On Sun, Jul 16, 2006 at 05:43:54PM -0700, Chris Wedgwood wrote:

> you probably want 2.6.17.5+ as that has a fix for a very hard to hit
> bug (that seemingly a few people may have hit)

actually, it turns out i'm a retard and can't drive git so that fix
might not be in there either

^ permalink raw reply	[flat|nested] 15+ messages in thread

* Re: XFS and write barrier
  2006-07-16 17:32 ` Federico Sevilla III
@ 2006-07-18  7:31   ` Nathan Scott
  2006-07-18  8:58     ` Neil Brown
  0 siblings, 1 reply; 15+ messages in thread
From: Nathan Scott @ 2006-07-18  7:31 UTC (permalink / raw)
  To: xfs; +Cc: Neil Brown, linux-raid

On Mon, Jul 17, 2006 at 01:32:38AM +0800, Federico Sevilla III wrote:
> On Sat, Jul 15, 2006 at 12:48:56PM +0200, Martin Steigerwald wrote:
> > I am currently gathering information to write an article about journal
> > filesystems with emphasis on write barrier functionality, how it
> > works, why journalling filesystems need write barrier and the current
> > implementation of write barrier support for different filesystems.
> 
> Cool! Would you by any chance have information on the interaction
> between journal filesystems with write barrier functionality, and
> software RAID (md)? Based on my experience with 2.6.17, XFS detects that
> the underlying software RAID 1 device does not support barriers and
> therefore disables that functionality.

Noone here seems to know, maybe Neil &| the other folks on linux-raid
can help us out with details on status of MD and write barriers?

cheers.

-- 
Nathan

^ permalink raw reply	[flat|nested] 15+ messages in thread

* Re: XFS and write barrier
  2006-07-18  7:31   ` Nathan Scott
@ 2006-07-18  8:58     ` Neil Brown
  2006-07-18 17:04       ` David Chinner
  0 siblings, 1 reply; 15+ messages in thread
From: Neil Brown @ 2006-07-18  8:58 UTC (permalink / raw)
  To: Nathan Scott; +Cc: xfs, linux-raid

On Tuesday July 18, nathans@sgi.com wrote:
> On Mon, Jul 17, 2006 at 01:32:38AM +0800, Federico Sevilla III wrote:
> > On Sat, Jul 15, 2006 at 12:48:56PM +0200, Martin Steigerwald wrote:
> > > I am currently gathering information to write an article about journal
> > > filesystems with emphasis on write barrier functionality, how it
> > > works, why journalling filesystems need write barrier and the current
> > > implementation of write barrier support for different filesystems.

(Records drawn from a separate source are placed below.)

(* Let $S, U, M \ge 1$ be integers and let $\mu_Q \in \mathbb{R}_{+}^{S \times U}$ with rows $\mu_{q^{(1)}}, \dots, \mu_{q^{(S)}} \in \mathbb{R}_+^{U}$. Let $\mathbb{N} = \{0,1,2,\dots\}$. Say that a subset $\mathcal{M} \subseteq \{1,\dots,S\}$ \emph{suffices for exact matching} if for every agent distribution $X \in \mathbb{N}^{M \times S}$ there exists $\hat X \in \mathbb{N}^{M \times S}$ whose columns indexed by $s \notin \mathcal{M}$ are identically zero and such that $\hat X \mu_Q = X \mu_Q$. Then $\mathcal{M}$ suffices for exact matching if and only if for every $\tilde s \in \{1,\dots,S\} \setminus \mathcal{M}$ there exist nonnegative integers $\alpha_{s\tilde s} \in \mathbb{N}$, $s \in \mathcal{M}$, with $$\sum_{s \in \mathcal{M}} \alpha_{s\tilde s}\, \mu_{q^{(s)}} = \mu_{q^{(\tilde s)}}.$$ Consequently, the minspecies cardinality for exact matching, $\mathcal{D}_{\mathcal{G}_1}(\mu_Q)$ (the minimum cardinality of a subset $\mathcal{M}$ that suffices for exact matching), equals $$\min\Big\{ |\mathcal{M}_1| : \mathcal{M}_1 \subseteq \{1,\dots,S\},\ \forall \tilde s \notin \mathcal{M}_1\ \exists (\alpha_{s\tilde s})_{s\in\mathcal{M}_1} \in \mathbb{N}^{\mathcal{M}_1} \text{ with } \textstyle\sum_{s \in \mathcal{M}_1} \alpha_{s\tilde s}\, \mu_{q^{(s)}} = \mu_{q^{(\tilde s)}} \Big\}.$$
   Context: A heterogeneous team consists of $S$ species; $\mu_Q$ is the expected species-trait matrix whose $(s,u)$ entry is the expected value of trait $u$ for an agent of species $s$. There are $M$ tasks; an agent distribution is a matrix $X \in \mathbb{N}^{M\times S}$ whose $(i,s)$ entry is the number of agents of species $s$ assigned to task $i$, and the resulting expected task-trait distribution is $X\mu_Q \in \mathbb{R}_+^{M\times U}$. The exact-matching goal for a desired trait distribution $Y^*$ requires $X\mu_Q = Y^*$. The number of available agents per species is not bounded in this statement. *)

From HB Require Import structures.
From mathcomp Require Import all_boot all_order all_algebra.
Set Implicit Arguments. Unset Strict Implicit. Unset Printing Implicit Defensive.
Import Order.TTheory GRing.Theory Num.Theory.
Local Open Scope ring_scope.

Definition natmx (R : realFieldType) (m n : nat) (X : 'M[nat]_(m, n)) : 'M[R]_(m, n) :=
  map_mx (fun k : nat => k%:R) X.

Definition suffices_exact (R : realFieldType) (S U M : nat)
    (muQ : 'M[R]_(S, U)) (Mset : {set 'I_S}) : Prop :=
  forall X : 'M[nat]_(M, S),
    exists Xh : 'M[nat]_(M, S),
      (forall (i : 'I_M) (s : 'I_S), s \notin Mset -> Xh i s = 0%N) /\
      natmx R Xh *m muQ = natmx R X *m muQ.

Definition int_generated (R : realFieldType) (S U : nat)
    (muQ : 'M[R]_(S, U)) (Mset : {set 'I_S}) : Prop :=
  forall st : 'I_S, st \notin Mset ->
    exists alpha : 'I_S -> nat,
      \sum_(s in Mset) (alpha s)%:R *: row s muQ = row st muQ.

Definition is_min_card (S : nat) (P : {set 'I_S} -> Prop) (n : nat) : Prop :=
  (exists A : {set 'I_S}, P A /\ #|A| = n) /\
  (forall A : {set 'I_S}, P A -> (n <= #|A|)%N).

From HB Require Import structures.
From mathcomp Require Import all_boot all_order all_algebra.
Import Order.TTheory GRing.Theory Num.Theory.
Local Open Scope ring_scope.

(* Row i of the task-trait matrix X muQ is the combination
   sum_s X(i,s) mu_s of the species trait rows, weighted by the agent counts.
   - Necessity: applying "suffices for exact matching" to the distribution
     with a single agent of species st (in task 0; M >= 1) yields a
     distribution supported on Mset whose row 0 writes mu_st as a
     nonnegative integer combination of the rows mu_s, s in Mset.
   - Sufficiency: choosing, for every st outside Mset, coefficients
     alpha(st, .) expressing mu_st, one replaces each agent of species st by
     alpha(st, s) agents of each species s in Mset; this "reduced"
     distribution has the same task-trait matrix.
   The statement on minimum cardinalities then follows from the general fact
   that pointwise equivalent predicates have the same minimum cardinality. *)

Lemma is_min_card_equiv (S : nat) (P Q : {set 'I_S} -> Prop) (n : nat) :
  (forall A, P A <-> Q A) -> is_min_card P n <-> is_min_card Q n.
Proof.
move=> PQ; rewrite /is_min_card.
split=> [[[A [PA cardA]] minP] | [[A [QA cardA]] minQ]]; split.
- by exists A; split=> //; apply/PQ.
- by move=> B /PQ; apply: minP.
- by exists A; split=> //; apply/PQ.
- by move=> B /PQ; apply: minQ.
Qed.

Section ExactMatching.
Variables (R : realFieldType) (S U M : nat).
Variables (muQ : 'M[R]_(S, U)) (Mset : {set 'I_S}).

Lemma row_natmx_mul (X : 'M[nat]_(M, S)) (i : 'I_M) :
  row i (natmx R X *m muQ) = \sum_s (X i s)%:R *: row s muQ.
Proof. by rewrite row_mul mulmx_sum_row; apply: eq_bigr => s _; rewrite !mxE. Qed.

Lemma row_natmx_mul_supported (X : 'M[nat]_(M, S)) (i : 'I_M) :
  (forall s, s \notin Mset -> X i s = 0%N) ->
  row i (natmx R X *m muQ) = \sum_(s in Mset) (X i s)%:R *: row s muQ.
Proof.
move=> X0; rewrite row_natmx_mul (bigID (mem Mset)) /=.
by rewrite [X in _ + X]big1 ?addr0 // => s /X0 ->; rewrite scale0r.
Qed.

(* Necessity: test exact matching on a single agent of species st. *)
Lemma suffices_exact_int_generated :
  (0 < M)%N -> suffices_exact M muQ Mset -> int_generated muQ Mset.
Proof.
move=> M_gt0 suffMset st st_out.
pose i0 : 'I_M := Ordinal M_gt0.
have [Xh [Xh_supp sameY]] := suffMset (delta_mx i0 st).
exists (Xh i0); rewrite -row_natmx_mul_supported; last exact: Xh_supp.
rewrite sameY row_natmx_mul (bigD1 st) //= big1 ?addr0.
  by rewrite mxE !eqxx scale1r.
by move=> s /negbTE s_st; rewrite mxE eqxx s_st scale0r.
Qed.

Section Reduction.
(* alpha st s: number of agents of species s in Mset replacing one agent of
   species st outside Mset. *)
Variable alpha : 'I_S -> 'I_S -> nat.
Hypothesis alphaP : forall st, st \notin Mset ->
  \sum_(s in Mset) (alpha st s)%:R *: row s muQ = row st muQ.

Definition reduce_distribution (X : 'M[nat]_(M, S)) : 'M[nat]_(M, S) :=
  \matrix_(i, s) (if s \in Mset then
    (X i s + \sum_(st | st \notin Mset) X i st * alpha st s)%N else 0%N).

Lemma reduce_distribution_supported (X : 'M[nat]_(M, S)) i s :
  s \notin Mset -> reduce_distribution X i s = 0%N.
Proof. by move=> s_out; rewrite mxE (negbTE s_out). Qed.

Lemma reduce_distribution_mul (X : 'M[nat]_(M, S)) :
  natmx R (reduce_distribution X) *m muQ = natmx R X *m muQ.
Proof.
apply/row_matrixP => i.
rewrite row_natmx_mul_supported; last exact: reduce_distribution_supported.
rewrite row_natmx_mul [RHS](bigID (mem Mset)) /=.
under eq_bigr => s s_in do rewrite mxE s_in natrD scalerDl.
rewrite big_split /=; congr (_ + _).
under eq_bigr => s _ do rewrite natr_sum scaler_suml.
rewrite exchange_big /=; apply: eq_bigr => st st_out.
rewrite -(alphaP st st_out) scaler_sumr; apply: eq_bigr => s _.
by rewrite natrM scalerA.
Qed.

End Reduction.

Lemma int_generated_suffices_exact :
  int_generated muQ Mset -> suffices_exact M muQ Mset.
Proof.
move=> gen.
have [alpha alphaP] : exists alpha : 'I_S -> 'I_S -> nat, forall st,
    st \notin Mset ->
    \sum_(s in Mset) (alpha st s)%:R *: row s muQ = row st muQ.
  apply: (fin_all_exists (P := fun st (a : 'I_S -> nat) => st \notin Mset ->
    \sum_(s in Mset) (a s)%:R *: row s muQ = row st muQ)) => st.
  have [st_in | st_out] := boolP (st \in Mset); first by exists (fun=> 0%N).
  by have [a aP] := gen st st_out; exists a.
move=> X; exists (reduce_distribution alpha X); split.
  by move=> i s; apply: reduce_distribution_supported.
exact: reduce_distribution_mul.
Qed.

End ExactMatching.

Theorem proposition1 (R : realFieldType) (S U M : nat)
    (hS : (1 <= S)%N) (hU : (1 <= U)%N) (hM : (1 <= M)%N)
    (muQ : 'M[R]_(S, U)) (hmu : forall s u, 0 <= muQ s u) :
  (forall Mset : {set 'I_S},
      suffices_exact M muQ Mset <-> int_generated muQ Mset) /\
  (forall n : nat,
      is_min_card (fun A => suffices_exact M muQ A) n <->
      is_min_card (fun A => int_generated muQ A) n).
Proof.
have suffE Mset : suffices_exact M muQ Mset <-> int_generated muQ Mset.
  split; first exact: suffices_exact_int_generated.
  exact: int_generated_suffices_exact.
by split=> // n; apply: is_min_card_equiv.
Qed.
Lemma Xdist_le_coord : memX T ys dys us ->
  (forall i, {within Icc 0 T, continuous (fun t => Y t i)}) ->
  forall x, Icc 0 T x -> forall i, `|ys x i - Y x i| <= 2 * c.
Proof.
move=> ysX Ycont x Tx i.
apply: (continuous_within_ae_normr_le (phi := fun t => ys t i - Y t i) T0 _ _ Tx).
  move=> t; apply: cvgB; [exact: memX_continuous (ltW T0) ysX i t | exact: Ycont].
apply: (filterS (F := almost_everywhere mu) _ Xdist_le_ae_norminf) => t dist_t Tt.
by have [+ _] := norminf_pair_le_coord (dist_t Tt); apply.
Qed.

Lemma Xdist_le_deviation k : (ny + ny + nu <= k)%N -> memX T ys dys us ->
  (forall i, {within Icc 0 T, continuous (fun t => Y t i)}) ->
  norm2_pair (vsub (ys 0) (Y 0)) (vsub (ys T) (Y T)) <= Num.sqrt k%:R * (2 * c) /\
  {ae mu, forall t, Icc 0 T t ->
     norm2_pair (vsub (ys t) (Y t)) (vsub (us t) (U t)) <= Num.sqrt k%:R * (2 * c)}.
Proof.
move=> nk ysX Ycont; have c20 : 0 <= 2 * c by rewrite mulr_ge0 // ltW.
split.
  have I0 : Icc 0 T 0 by rewrite /Icc /= in_itv /= lexx ltW.
  have IT : Icc 0 T T by rewrite /Icc /= in_itv /= lexx ltW.
  apply: norm2_pair_le c20 (Xdist_le_coord ysX Ycont I0) (Xdist_le_coord ysX Ycont IT).
  exact: leq_trans (leq_addr _ _) nk.
apply: (filterS (F := almost_everywhere mu) _ Xdist_le_ae_norminf) => t dev_t Tt.
have [ys_c us_c] := norminf_pair_le_coord (dev_t Tt).
by apply: norm2_pair_le c20 ys_c us_c; apply: leq_trans nk; rewrite addnAC leq_addr.
Qed.

End Xdist_bounds.
End X_distance.

Section residual_bounds.
Variables (R : realType) (T : R) (ny nu nb nc : nat).
Variables (M : ('I_ny -> R) -> ('I_ny -> R) -> R)
  (b : ('I_ny -> R) -> ('I_ny -> R) -> 'I_nb -> R)
  (f1 : ('I_ny -> R) -> ('I_nu -> R) -> R -> 'I_ny -> R)
  (f2 : ('I_ny -> R) -> ('I_nu -> R) -> R -> 'I_nc -> R)
  (yL yR : 'I_ny -> R) (uL uR : 'I_nu -> R).
Variables (ys dys Y dY : R -> 'I_ny -> R) (us U : R -> 'I_nu -> R).
Variables (lam Cl eps d : R).
Hypotheses (ysF : feasible T b f1 f2 yL yR uL uR ys dys us)
  (HA3 : A3 T M b f1 f2 ys us lam Cl eps) (d0 : 0 <= d) (d_eps : d <= eps).
Local Notation mu := (@lebesgue_measure R).

Let holder_le z : 0 <= z -> z <= d -> Cl * z `^ lam <= Cl * d `^ lam.
Proof.
case: HA3 => [[/andP[lam0 _] Cl0 _] _ _ _] z0 zd.
by rewrite ler_wpM2l ?(ltW Cl0) // ge0_ler_powR ?nnegrE // ltW.
Qed.

Lemma boundary_residual_le :
  norm2_pair (vsub (ys 0) (Y 0)) (vsub (ys T) (Y T)) <= d ->
  norm2 (b (Y 0) (Y T)) <= Cl * d `^ lam.
Proof.
move=> end_d; case: HA3 => _ _ b_holder _; case: ysF => b0 _ _ _.
rewrite -norm2_vsub0l -b0; apply: le_trans (b_holder _ _ (le_trans end_d d_eps)) _.
exact: holder_le (sqrtr_ge0 _) end_d.
Qed.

"Journalling filesystems need write barrier" isn't really accurate.
They can make good use of write barrier if it is supported, and where
it isn't supported, they should use blkdev_issue_flush in combination
with regular submit/wait.

> > 
> > Cool! Would you by any chance have information on the interaction
> > between journal filesystems with write barrier functionality, and
> > software RAID (md)? Based on my experience with 2.6.17, XFS detects that
> > the underlying software RAID 1 device does not support barriers and
> > therefore disables that functionality.
> 
> Noone here seems to know, maybe Neil &| the other folks on linux-raid
> can help us out with details on status of MD and write barriers?

In 2.6.17, md/raid1 will detect if the underlying devices support
barriers and if they all do, it will accept barrier requests from the
filesystem and pass those requests down to all devices.

Other raid levels will reject all barrier requests.  Filesystems
should notice this and submit regular writes and wait for them to
complete (which they do) and call blk_issue_flush after the commit
block has been written (which I think few do).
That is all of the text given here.